◆ **Goal of the exercise**
In the records that follow, find the line with "Definition mu (R"; from there, retype every line exactly through the line with "(* number of", which also belongs to the answer.
== Segment start ==
(* For a 2-group $\mathbb G$ the following are equivalent: (1) $\mathbb G$ is split; (2) there exist a map $s:\pi_0(\mathbb G)\to\mathrm{Ob}\,\mathcal G$ with $s[x]\in[x]$ and $s[e]=e$, and isomorphisms $\mu_{[x],[x']}:s[x]\otimes s[x']\to s[x\otimes x']$ for all $[x],[x']\in\pi_0(\mathbb G)$, such that for all $[x],[x'],[x'']$: $\mu_{[x\otimes x'],[x'']}\circ(\mu_{[x],[x']}\otimes id)\circ a_{s[x],s[x'],s[x'']}=\mu_{[x],[x'\otimes x'']}\circ(id\otimes\mu_{[x'],[x'']})$; (3) the Postnikov sequence $\mathbb 1\to\pi_1(\mathbb G)[1]\xrightarrow{\mathbb J}\mathbb G\xrightarrow{\mathbb P}\pi_0(\mathbb G)[0]\to\mathbb 1$ splits, i.e. there exists a morphism of 2-groups $\mathbb S:\pi_0(\mathbb G)[0]\to\mathbb G$ with $\mathbb P\circ\mathbb S$ isomorphic (by a monoidal natural isomorphism) to the identity of $\pi_0(\mathbb G)[0]$.
   Context: A 2-group is a monoidal groupoid $(\mathcal G,\otimes,e,a,l,r)$ in which every object has a weak tensor inverse; morphisms of 2-groups are strong monoidal functors. $\pi_0(\mathbb G)$ is the group of isomorphism classes of objects with $[x][y]=[x\otimes y]$; $\pi_1(\mathbb G)=\mathrm{Aut}(e)$. For a group $\mathsf G$, $\mathsf G[0]$ is the discrete 2-group; for an abelian group $\mathsf A$, $\mathsf A[1]$ is the one-object 2-group with composition and tensor both the group law. $\mathbb J$ is the strict morphism including $\pi_1(\mathbb G)[1]$ as the automorphisms of $e$, and $\mathbb P$ is the strict morphism sending each object to its isomorphism class. For a group $\mathsf G$ and left $\mathsf G$-module $\mathsf A$, the elementary 2-group $\mathsf A[1]\rtimes\mathsf G[0]$ is the strict 2-group with objects the elements of $\mathsf G$, morphisms $(a,g):g\to g$, composition $(a',g)\circ(a,g)=(a'+a,g)$, tensor $g\otimes g'=gg'$, $(a,g)\otimes(a',g')=(a+g\lhd a',gg')$. A 2-group is split if it is equivalent (monoidal functor with pseudo-inverse up to monoidal natural isomorphism) to an elementary 2-group. *)

From Stdlib Require Import Classical ClassicalEpsilon FunctionalExtensionality
  PropExtensionality ProofIrrelevance.
(* Consider $N$ systems $\dot x_i = f(x_i,u_i,d_i)$, $y_i = h(x_i)$, $i\in\mathcal N=\{1,\dots,N\}$, that are incrementally output-feedback passive (iOFP) with constant $\sigma\in\mathbb R$, with disturbances $d_i=R_iw_i$ generated by exosystems $\dot w_i=s_i(w_i)$ satisfying the monotonicity condition below, and interconnected over a connected undirected graph with adjacency matrix $A=[a_{ij}]$. For each $i\in\mathcal N$ let $\rho_i=\sum_{j\in\mathcal N}a_{ij}(y_j-y_i)$ and apply the controller $$\dot\xi_i = s_i(\xi_i)-R_i^\top\rho_i,\qquad \dot k_i=\gamma_i\rho_i^\top\rho_i,\qquad u_i=-R_i\xi_i+k_i\rho_i,$$ with arbitrary gains $\gamma_i>0$ and arbitrary initial conditions $\xi_i(0)\in\mathbb R^{m_i}$, $k_i(0)\in\mathbb R$. If the solution $(x(t),\xi(t),k(t))$ of the closed-loop system is bounded on $[0,\infty)$, then the outputs synchronize asymptotically; in particular $\lim_{t\to\infty}\|y_i(t)-\bar y(t)\|=0$ for all $i\in\mathcal N$, where $\bar y=\frac1N\sum_{j}y_j$.
   Context: Each system has state $x_i\in\mathbb R^n$, input $u_i\in\mathbb R^q$, output $y_i\in\mathbb R^q$, disturbance $d_i\in\mathbb R^q$; $f$ is locally Lipschitz and $h$ is continuously differentiable. iOFP with constant $\sigma\in\mathbb R$ means: there exist $\Phi:\mathbb R^n\times\mathbb R^n\to\mathbb R_{\ge0}$ (continuously differentiable) and class-$\mathcal K_\infty$ functions $\underline\alpha,\overline\alpha$ with $\underline\alpha(\|x_i-x_i'\|)\le\Phi(x_i,x_i')\le\overline\alpha(\|x_i-x_i'\|)$ and $\frac{\partial\Phi}{\partial x_i}(x_i,x_i')f(x_i,u_i,d_i)+\frac{\partial\Phi}{\partial x_i'}(x_i,x_i')f(x_i',u_i',d_i')\le\sigma\|y_i-y_i'\|^2+(y_i-y_i')^\top\big((u_i+d_i)-(u_i'+d_i')\big)$ for all $(x_i,u_i,d_i),(x_i',u_i',d_i')\in\mathbb R^n\times\mathbb R^q\times\mathbb R^q$, where $y_i=h(x_i)$, $y_i'=h(x_i')$. Exosystems: $w_i\in\mathbb R^{m_i}$, $\dot w_i=s_i(w_i)$, $d_i=R_iw_i$ with $R_i\in\mathbb R^{q\times m_i}$, $s_i$ locally Lipschitz, $s_i(0)=0$ and $(w_i-w_i')^\top(s_i(w_i)-s_i(w_i'))\le0$ for all $w_i,w_i'$. The graph is undirected and connected: $A$ is symmetric nonnegative with zero diagonal, $a_{ij}>0$ iff $(i,j)$ is an edge. *)

From Stdlib Require Import Reals Lra Relations.
From Stdlib Require Fin.
Open Scope R_scope.
(* There exists $n_0$ such that the following holds for all $n>n_0$. Let $r\ge25$ and let $A\subseteq S_n$ be a conjugacy class with $\mu(A)\ge e^{-n}$ such that every permutation in $A$ has at most $(r/2)^{\ell}$ cycles of length $\ell$, for every $\ell\ge1$. Then $A$ is $r$-global, i.e. for every $d\ge1$ and every $d$-umvirate $U_{I\to J}$ we have $\mu_{U_{I\to J}}(A)\le r^{d}\mu(A)$.
   Context: $\mu(A)=|A|/n!$. For distinct $i_1,\dots,i_d$ and distinct $j_1,\dots,j_d$ in $[n]$, with $I=(i_1,\dots,i_d)$, $J=(j_1,\dots,j_d)$, the $d$-umvirate $U_{I\to J}$ is the set of $\pi\in S_n$ with $\pi(i_k)=j_k$ for all $k$, and $\mu_{U}(A)=|A\cap U|/|U|$. *)

From HB Require Import structures.
From mathcomp Require Import all_boot all_order all_algebra all_fingroup.
From mathcomp Require Import reals sequences exp.
Set Implicit Arguments. Unset Strict Implicit. Unset Printing Implicit Defensive.
Import Order.TTheory GRing.Theory Num.Theory.
Local Open Scope ring_scope.

Definition mu (R : realType) (n : nat) (A : {set 'S_n}) : R :=
  #|A|%:R / (n`!)%:R.

Definition umvirate (n d : nat) (I J : 'I_d -> 'I_n) : {set 'S_n} :=
  [set s : 'S_n | [forall k : 'I_d, s (I k) == J k]].

Definition mu_cond (R : realType) (n : nat) (U A : {set 'S_n}) : R :=
  #|A :&: U|%:R / #|U|%:R.

(* number of cycles of length l of s (fixed points are cycles of length 1) *)
Definition ncycles (n : nat) (s : 'S_n) (l : nat) : nat :=
  #|[set X in porbits s | #|X| == l]|.

Definition r_global (R : realType) (n : nat) (r : R) (A : {set 'S_n}) : Prop :=
  forall (d : nat) (I J : 'I_d -> 'I_n), (1 <= d)%N ->
    injective I -> injective J ->
    mu_cond R (umvirate I J) A <= r ^+ d * mu R A.

From HB Require Import structures.
From mathcomp Require Import all_boot all_order all_algebra all_fingroup.
From mathcomp Require Import reals sequences exp.
From mathcomp Require Import ring lra zify.
Import Order.TTheory GRing.Theory Num.Theory.
Set Implicit Arguments. Unset Strict Implicit. Unset Printing Implicit Defensive.

(* Write A as the class of pi and U = U_{I->J}.  Then mu_U(A)/mu(A) = N/(n-d)!,
   where N counts the t with pi^t in U, i.e. the injections g satisfying
   g (J k) = pi (g (I k)); we show N <= r^d (n-d)!.  The constraints form a
   graph of paths and cycles, eliminated vertex by vertex: an isolated vertex
   is a free choice among the unused values, the start of a path is determined
   by its successor, two consecutive edges of a cycle merge into one edge of
   added weight, and a loop of weight w forces a fixed point of pi^w, of which
   there are at most sum_{l<=w} l c_l(pi) <= r^w.  When 5d < 2n each path edge
   costs a factor at most 5 <= r; when 5d >= 2n the bound is trivial, as
   r^d mu(A) >= 25^d e^{-n} >= 1. *)

Lemma card_le_mul_fibers (T T' : finType) (f : T -> T') (S : {set T}) (S' : {set T'}) K :
  {in S, forall t, f t \in S'} ->
  (forall t', t' \in S' -> (#|[set t in S | f t == t']| <= K)%N) ->
  (#|S| <= K * #|S'|)%N.
Proof.
move=> fS fiberK; rewrite -sum1_card (partition_big f (mem S')) //=.
rewrite mulnC -sum_nat_const; apply: leq_sum => t' t'S.
by rewrite sum1dep_card; apply: fiberK.
Qed.

Section EdgeSystems.
Variables (n : nat) (pi : 'S_n).

Local Notation fT := {ffun 'I_n -> 'I_n}.

(* An edge [out a = Some (b, w)] is the constraint [g b = pi^w (g a)] on an
   injection [g] of the vertex set [D]; solutions are extended by the identity
   outside [D], so that they can be counted as finite functions. *)
Definition edges := 'I_n -> option ('I_n * nat).

Definition weight (o : option ('I_n * nat)) : nat := if o is Some (_, w) then w else 0.
Definition total_weight (out : edges) : nat := \sum_a weight (out a).
Definition tails (out : edges) : {set 'I_n} := [set a | out a != None].
Definition head (out : edges) (a : 'I_n) : 'I_n := if out a is Some (b, _) then b else a.
Definition heads (out : edges) : {set 'I_n} := head out @: tails out.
== Segment end ==
◆ **Written response**
Definition mu (R : realType) (n : nat) (A : {set 'S_n}) : R :=
  #|A|%:R / (n`!)%:R.

Definition umvirate (n d : nat) (I J : 'I_d -> 'I_n) : {set 'S_n} :=
  [set s : 'S_n | [forall k : 'I_d, s (I k) == J k]].

Definition mu_cond (R : realType) (n : nat) (U A : {set 'S_n}) : R :=
  #|A :&: U|%:R / #|U|%:R.

(* number of cycles of length l of s (fixed points are cycles of length 1) *)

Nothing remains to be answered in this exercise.